Stored data
--- START ---
Lemma Jsharp_Mxi f x : Jsharp J h (Mxi f) x = Mxi (Jsharp J h f) x.
Proof.
rewrite /Jsharp /Mxi (JZ JP) !scalerA mulrC; congr (_ * _ *: _).
by case: x => a b; rewrite /cpt /cconj /= opprK.
Qed.

Hypothesis h_ge0 : forall x, 0 <= h x.

Lemma hnorm2_Jsharp f x : hnorm ip (Jsharp J h f x) ^+ 2 = h x * hnorm ip (f (cconj x)) ^+ 2.
Proof. by rewrite /Jsharp (hnorm2_scale_real ipP) (hnorm2J JP) sqr_sqrtr. Qed.

Lemma JsharpK_at f x : h x * h (cconj x) = 1 -> Jsharp J h (Jsharp J h f) x = f x.
Proof.
move=> hhc; rewrite /Jsharp cconjK (JZ JP) (JK JP) scalerA conjc_real -rmorphM /=.
by rewrite -sqrtrM // hhc sqrtr1 scale1r.
Qed.

Hypothesis mh : measurable_fun setT h.

Lemma hmeasurable_Jsharp f : hmeasurable ip f -> hmeasurable ip (Jsharp J h f).
Proof.
move=> mf v; have [mRe mIm] := mf (J v).
have msqrt : measurable_fun setT (fun x => Num.sqrt (h x)).
  exact: measurableT_comp (continuous_measurable_fun (@sqrt_continuous R)) mh.
have ipE x : ip (Jsharp J h f x) v =
    (Num.sqrt (h x))%:C%C * conjc (ip (f (cconj x)) (J v)).
  by rewrite /Jsharp (ipZl ipP) (ipJl ipP JP).
split.
- rewrite (_ : (fun x => _) =
    fun x => Num.sqrt (h x) * complex.Re (ip (f (cconj x)) (J v))).
    by apply: measurable_funM => //; exact: measurableT_comp mRe measurable_cconj.
  by apply/funext => x; rewrite ipE; case: (ip _ _) => a b /=; ring.
- rewrite (_ : (fun x => _) =
    fun x => - (Num.sqrt (h x) * complex.Im (ip (f (cconj x)) (J v)))).
    apply: measurableT_comp => //; apply: measurable_funM => //.
    exact: measurableT_comp mIm measurable_cconj.
  by apply/funext => x; rewrite ipE; case: (ip _ _) => a b /=; ring.
Qed.
(* Let $\mathcal{D}$ be any basic action theory (including (P1), (P2) and $(\star)$) with a sensing action $\mathit{obs}(z)$ sensing the fluent $f$, with likelihood axiom $l(\mathit{obs}(z),s) = u \equiv u = \mathit{Err}(z,f(s))$ and precondition axiom $\mathit{Poss}(\mathit{obs}(z),s)\equiv \mathit{true}$, where $\mathit{Err}(u_1,u_2)$ is an expression with only two free (numeric) variables, and where $\mathit{obs}(z)$ does not change the value of any fluent (it appears in no successor state axiom of any fluent). Let $\phi$ be any $\mathcal{L}$-formula mentioning only $f$, and let $u$ be the variable among $\vec x = (x_1,\ldots,x_n)$ corresponding to the values of $f$. Then $$\mathcal{D} \models \textit{Bel}(\phi, do(\mathit{obs}(z),S_0)) = \frac{\int_{\vec x}[P(\vec x,\phi\land f=u,S_0)\times \mathit{Err}(z,u)]}{\int_{\vec x}[P(\vec x, f=u, S_0)\times \mathit{Err}(z,u)]}.$$
   Context: Situation calculus: a many-sorted language $\mathcal{L}$ with sorts action, situation, object; $do(a,s)$ is the successor of $s$ under action $a$, $do(\alpha,s)$ for a sequence $\alpha$ is iterated $do$; $S_0$ the actual initial situation; $\mathit{Init}(s) \doteq \neg\exists a,s'.\, s = do(a,s')$; $\iota$ ranges over initial situations. The fluents $f_1,\ldots,f_n$ (one of which is $f$) are all the fluents, take only a situation argument, and take values in $\mathbb{R}$; $i$ ranges over $1..n$. $\phi[s]$ restores situation argument $s$ in situation-suppressed $\phi$. $\langle z.\ \psi \to t\rangle = v$ abbreviates $[(\exists z\psi)\supset \forall z(\psi \supset v = t)] \land [(\neg\exists z\psi) \supset v = 0]$. Distinguished symbols: $\mathit{Poss}(a,s)$, $p(s',s)$ (density of $s'$ when in $s$), $l(a,s)$ (likelihood). A basic action theory consists of an initial theory containing (P1) $\forall \iota,s.\ p(s,\iota) \ge 0 \land (p(s,\iota) > 0 \supset \mathit{Init}(s))$ and $(\star)$ $[\forall \vec x\, \exists \iota \bigwedge_i f_i(\iota) = x_i] \land [\forall \iota,\iota'.\ \bigwedge_i f_i(\iota) = f_i(\iota') \supset \iota = \iota']$; precondition axioms; successor state axioms including (P2) $p(s',do(a,s)) = v \equiv \exists s''[s' = do(a,s'') \land \mathit{Poss}(a,s'') \land v = p(s'',s)\times l(a,s'')] \lor \neg\exists s''[s'=do(a,s'')\land \mathit{Poss}(a,s'')] \land v = 0$; likelihood axioms $l(A(\vec y),s)=v\equiv\psi_A(\vec y,v,s)$; foundational axioms. For a ground action sequence $\alpha$, $P(\vec x,\phi,do(\alpha,S_0)) \doteq \langle \iota.\ \bigwedge_i f_i(\iota) = x_i \land \phi[do(\alpha,\iota)] \to p(do(\alpha,\iota),do(\alpha,S_0))\rangle$ (with $\alpha$ empty giving $P(\vec x,\phi,S_0)$), and $\textit{Bel}(\phi,s) \doteq \frac{1}{\gamma}\int_{\vec x} P(\vec x,\phi,s)$ with $\gamma$ the numerator with $\phi$ replaced by $\mathit{true}$. Here $\int_{\vec x}$ is the logical abbreviation of the improper Riemann integral over $\mathbb{R}^n$ (built from second-order-defined finite sums and $\epsilon$-style limit formulas), and entailment is over $\mathbb{R}$-interpretations (structures where arithmetic, $e$, $\pi$, exponentiation and logarithms have their usual meaning over the reals). *)

From Stdlib Require Import Reals List Classical ClassicalEpsilon.
From Coquelicot Require Import Coquelicot.
Open Scope R_scope.

(** * Semantic rendering of an R-interpretation of a basic action theory. *)

Record BAT : Type := {
  Sit : Type;
  Act : Type;
  do_ : Act -> Sit -> Sit;
  S0 : Sit;
  nfl : nat;
  fl : nat -> Sit -> R;            (* fluent f_(i+1) is [fl i], i < nfl *)
  p : Sit -> Sit -> R;
  l : Act -> Sit -> R;
  Poss : Act -> Sit -> Prop;

  do_inj : forall a1 a2 s1 s2, do_ a1 s1 = do_ a2 s2 -> a1 = a2 /\ s1 = s2;
  sit_ind : forall P : Sit -> Prop,
      (forall s, (~ exists a s', s = do_ a s') -> P s) ->
      (forall a s, P s -> P (do_ a s)) -> forall s, P s;
  S0_init : ~ exists a s', S0 = do_ a s';

  ax_P1 : forall iota s, (~ exists a s', iota = do_ a s') ->
      p s iota >= 0 /\ (p s iota > 0 -> ~ exists a s', s = do_ a s');

  ax_star_ex : forall x : nat -> R, exists iota,
      (~ exists a s', iota = do_ a s') /\ (forall i, (i < nfl)%nat -> fl i iota = x i);
  ax_star_uniq : forall iota iota',
      (~ exists a s', iota = do_ a s') -> (~ exists a s', iota' = do_ a s') ->
      (forall i, (i < nfl)%nat -> fl i iota = fl i iota') -> iota = iota';

  ax_P2 : forall s' a s v,
      p s' (do_ a s) = v <->
      ((exists s'', s' = do_ a s'' /\ Poss a s'' /\ v = p s'' s * l a s'') \/
       ((~ exists s'', s' = do_ a s'' /\ Poss a s'') /\ v = 0))
}.

Arguments do_ {b}.
Arguments S0 {b}.
Arguments fl {b}.
Arguments p {b}.
Arguments l {b}.
Arguments Poss {b}.


Definition Init {M : BAT} (s : Sit M) : Prop := ~ exists a s', s = do_ a s'.

Definition doseq {M : BAT} (alpha : list (Act M)) (s : Sit M) : Sit M :=
  fold_left (fun s a => do_ a s) alpha s.

(** The abbreviation <z. psi -> t>, as a (total) term: if some z satisfies
    psi, the value of t at such a z (unique when relevant), else 0. *)
Definition guarded {S : Type} (psi : S -> Prop) (t : S -> R) : R :=
  match excluded_middle_informative (exists z, psi z) with
  | left H => t (proj1_sig (constructive_indefinite_description psi H))
  | right _ => 0
  end.

Definition Pdens {M : BAT} (x : nat -> R) (phi : Sit M -> Prop)
    (alpha : list (Act M)) : R :=
  guarded (fun iota : Sit M => Init iota /\
             (forall i, (i < nfl M)%nat -> fl i iota = x i) /\
             phi (doseq alpha iota))
          (fun iota => p (doseq alpha iota) (doseq alpha S0)).

Definition int_R (g : R -> R) : R :=
  real (Lim (fun u => RInt g (- u) u) p_infty).

Definition upd (x : nat -> R) (i : nat) (t : R) : nat -> R :=
  fun j => if Nat.eqb j i then t else x j.

Fixpoint iint_from (m : nat) (F : (nat -> R) -> R) (x : nat -> R) : R :=
  match m with
  | O => F x
  | S m' => int_R (fun t => iint_from m' F (upd x m' t))
  end.

Definition integral_Rn (n : nat) (F : (nat -> R) -> R) : R :=
  iint_from n F (fun _ => 0).

Definition Bel {M : BAT} (phi : Sit M -> Prop) (alpha : list (Act M)) : R :=
  / integral_Rn (nfl M) (fun x => Pdens x (fun _ => True) alpha) *
  integral_Rn (nfl M) (fun x => Pdens x phi alpha).

(* Sensing [obs z] changes no fluent, so the initial situation with fluent
   values x is the only one whose successor [do(obs z, iota)] has those values,
   and (P2) multiplies its density by the likelihood [Err z (x k)].  Hence the
   density after sensing is, pointwise in x, the initial density times
   [Err z (x k)], and the claim follows by integrating numerator and
   normalizer of [Bel]. *)
From Stdlib Require Import Reals List Classical ClassicalEpsilon FunctionalExtensionality.
Open Scope R_scope.

Lemma guarded_eq {S : Type} (P : S -> Prop) (t : S -> R) (s0 : S) :
  P s0 -> (forall s, P s -> s = s0) -> guarded P t = t s0.
Proof.
  intros Hs0 Huniq. unfold guarded.
  destruct (excluded_middle_informative (exists s, P s)) as [Hex | Hnex].
  - destruct (constructive_indefinite_description P Hex) as [w Hw]. simpl.
    now rewrite (Huniq w Hw).
  - exfalso. apply Hnex. now exists s0.
Qed.

Lemma guarded_none {S : Type} (P : S -> Prop) (t : S -> R) :
  ~ (exists s, P s) -> guarded P t = 0.
Proof.
  intros Hnex. unfold guarded.
  destruct (excluded_middle_informative (exists s, P s)); [contradiction | reflexivity].
Qed.

Lemma p_do_Poss (M : BAT) (a : Act M) (s' s : Sit M) :
  Poss a s' -> p (do_ a s') (do_ a s) = p s' s * l a s'.
Proof.
  intros Hposs. apply (proj2 (ax_P2 M _ _ _ _)). left. now exists s'.
Qed.

Section InitialDensity.

Variable M : BAT.
Variable x : nat -> R.

Definition has_fluents (s : Sit M) : Prop :=
  forall i, (i < nfl M)%nat -> fl i s = x i.

Lemma Init_has_fluents_exists : exists iota, Init iota /\ has_fluents iota.
Proof. apply (ax_star_ex M x). Qed.

Lemma Init_has_fluents_unique (iota iota' : Sit M) :
  Init iota -> has_fluents iota -> Init iota' -> has_fluents iota' -> iota = iota'.
Proof.
  intros Hi Hx Hi' Hx'. apply (ax_star_uniq M); auto.
  intros i Hlt. now rewrite Hx, Hx'.
Qed.

Lemma Pdens_sat (phi : Sit M -> Prop) (alpha : list (Act M)) (iota : Sit M) :
  Init iota -> has_fluents iota -> phi (doseq alpha iota) ->
  Pdens x phi alpha = p (doseq alpha iota) (doseq alpha S0).
Proof.
  intros Hi Hx Hphi. unfold Pdens. rewrite (guarded_eq _ _ iota); [reflexivity | now repeat split |].
  intros s (Hs & Hsx & _). now apply Init_has_fluents_unique.
Qed.

Lemma Pdens_unsat (phi : Sit M -> Prop) (alpha : list (Act M)) (iota : Sit M) :
  Init iota -> has_fluents iota -> ~ phi (doseq alpha iota) ->
  Pdens x phi alpha = 0.
Proof.
  intros Hi Hx Hnphi. unfold Pdens. apply guarded_none.
  intros (s & Hs & Hsx & Hphi). apply Hnphi.
  now rewrite <- (Init_has_fluents_unique s iota).
Qed.

Lemma Pdens_equiv_on (phi psi : Sit M -> Prop) (alpha : list (Act M)) :
  (forall iota, Init iota -> has_fluents iota ->
     phi (doseq alpha iota) <-> psi (doseq alpha iota)) ->
  Pdens x phi alpha = Pdens x psi alpha.
Proof.
  intros Hequiv. destruct Init_has_fluents_exists as (iota & Hi & Hx).
  specialize (Hequiv iota Hi Hx).
  destruct (classic (phi (doseq alpha iota))) as [Hphi | Hnphi].
  - rewrite (Pdens_sat phi alpha iota), (Pdens_sat psi alpha iota); tauto.
  - rewrite (Pdens_unsat phi alpha iota), (Pdens_unsat psi alpha iota); tauto.
Qed.

Lemma Pdens_nil_fix_fluent (phi : Sit M -> Prop) (k : nat) :
  (k < nfl M)%nat ->
  Pdens x phi nil = Pdens x (fun s => phi s /\ fl k s = x k) nil.
Proof.
  intros hk. apply Pdens_equiv_on. intros iota _ Hx. simpl.
  specialize (Hx k hk). tauto.
Qed.

Variables (a : Act M) (k : nat) (g : R -> R).
Hypothesis hk : (k < nfl M)%nat.
Hypothesis Poss_a : forall s, Poss a s.
Hypothesis l_a : forall s, l a s = g (fl k s).

Lemma Pdens_sense (phi : Sit M -> Prop) :
  (forall s, phi (do_ a s) <-> phi s) ->
  Pdens x phi (a :: nil) = Pdens x phi nil * g (x k).
Proof.
  intros Hinv. destruct Init_has_fluents_exists as (iota & Hi & Hx).
  specialize (Hinv iota).
  destruct (classic (phi iota)) as [Hphi | Hnphi].
  - rewrite (Pdens_sat phi (a :: nil) iota), (Pdens_sat phi nil iota); simpl; try tauto.
    now rewrite p_do_Poss, l_a, (Hx k hk).
  - rewrite (Pdens_unsat phi (a :: nil) iota), (Pdens_unsat phi nil iota); simpl; try tauto.
    ring.
Qed.

End InitialDensity.

Theorem mainTheorem12 (M : BAT) (k : nat) (hk : (k < nfl M)%nat)
  (obs : R -> Act M) (Err : R -> R -> R) (Q : R -> Prop)
  (H_lik : forall z s u, l (obs z) s = u <-> u = Err z (fl k s))
  (H_poss : forall z s, Poss (obs z) s <-> True)
  (H_frame : forall z s i, (i < nfl M)%nat -> fl i (do_ (obs z) s) = fl i s)
  (z : R) :
  Bel (fun s : Sit M => Q (fl k s)) (obs z :: nil) =
  integral_Rn (nfl M) (fun x =>
      Pdens x (fun s : Sit M => Q (fl k s) /\ fl k s = x k) nil * Err z (x k)) /
  integral_Rn (nfl M) (fun x =>
      Pdens x (fun s : Sit M => fl k s = x k) nil * Err z (x k)).
Proof.
  assert (Poss_obs : forall s, Poss (obs z) s) by (intro s; now apply H_poss).
  assert (l_obs : forall s, l (obs z) s = Err z (fl k s)) by (intro s; now apply H_lik).
  assert (Q_frame : forall s, Q (fl k (do_ (obs z) s)) <-> Q (fl k s))
    by (intro s; now rewrite H_frame).
  assert (Hnum : (fun x => Pdens x (fun s : Sit M => Q (fl k s)) (obs z :: nil)) =
    (fun x => Pdens x (fun s : Sit M => Q (fl k s) /\ fl k s = x k) nil * Err z (x k))).
  { extensionality x. rewrite (Pdens_sense M x (obs z) k (Err z)) by auto.
    now rewrite (Pdens_nil_fix_fluent M x _ k hk). }
  assert (Hnorm : (fun x => Pdens x (fun _ : Sit M => True) (obs z :: nil)) =
    (fun x => Pdens x (fun s : Sit M => fl k s = x k) nil * Err z (x k))).
  { extensionality x. rewrite (Pdens_sense M x (obs z) k (Err z)) by (auto; tauto).
    f_equal. apply Pdens_equiv_on. intros iota _ Hx. simpl.
    specialize (Hx k hk). tauto. }
  unfold Bel. rewrite Hnum, Hnorm. unfold Rdiv. apply Rmult_comm.
Qed.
--- END ---
__Work to complete__
Only the number is needed here: how many lines of the records contain "Hnex"?

__Exercise output__
3